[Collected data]
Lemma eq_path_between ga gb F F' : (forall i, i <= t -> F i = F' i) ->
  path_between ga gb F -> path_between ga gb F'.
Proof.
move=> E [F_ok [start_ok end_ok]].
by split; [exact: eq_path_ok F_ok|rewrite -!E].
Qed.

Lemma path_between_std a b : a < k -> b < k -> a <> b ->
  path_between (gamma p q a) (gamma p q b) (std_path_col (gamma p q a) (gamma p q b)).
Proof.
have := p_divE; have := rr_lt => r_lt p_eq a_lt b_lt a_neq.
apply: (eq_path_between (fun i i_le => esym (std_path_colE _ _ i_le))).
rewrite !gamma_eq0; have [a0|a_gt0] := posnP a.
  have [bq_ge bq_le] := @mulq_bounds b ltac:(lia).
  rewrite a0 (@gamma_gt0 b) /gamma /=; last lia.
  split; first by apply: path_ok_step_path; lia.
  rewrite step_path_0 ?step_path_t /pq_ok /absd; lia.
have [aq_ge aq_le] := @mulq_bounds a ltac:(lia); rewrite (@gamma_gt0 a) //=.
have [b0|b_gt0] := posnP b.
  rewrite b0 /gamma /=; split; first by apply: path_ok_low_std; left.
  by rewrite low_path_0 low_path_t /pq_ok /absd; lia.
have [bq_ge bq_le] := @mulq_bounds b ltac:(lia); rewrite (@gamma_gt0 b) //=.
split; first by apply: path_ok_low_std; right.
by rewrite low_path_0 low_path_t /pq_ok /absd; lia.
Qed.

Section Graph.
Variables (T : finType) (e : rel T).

[Assignment] Reproduce each line of the records in which the string "absd" appears.

[Answer for the task]
  rewrite step_path_0 ?step_path_t /pq_ok /absd; lia.
  by rewrite low_path_0 low_path_t /pq_ok /absd; lia.
by rewrite low_path_0 low_path_t /pq_ok /absd; lia.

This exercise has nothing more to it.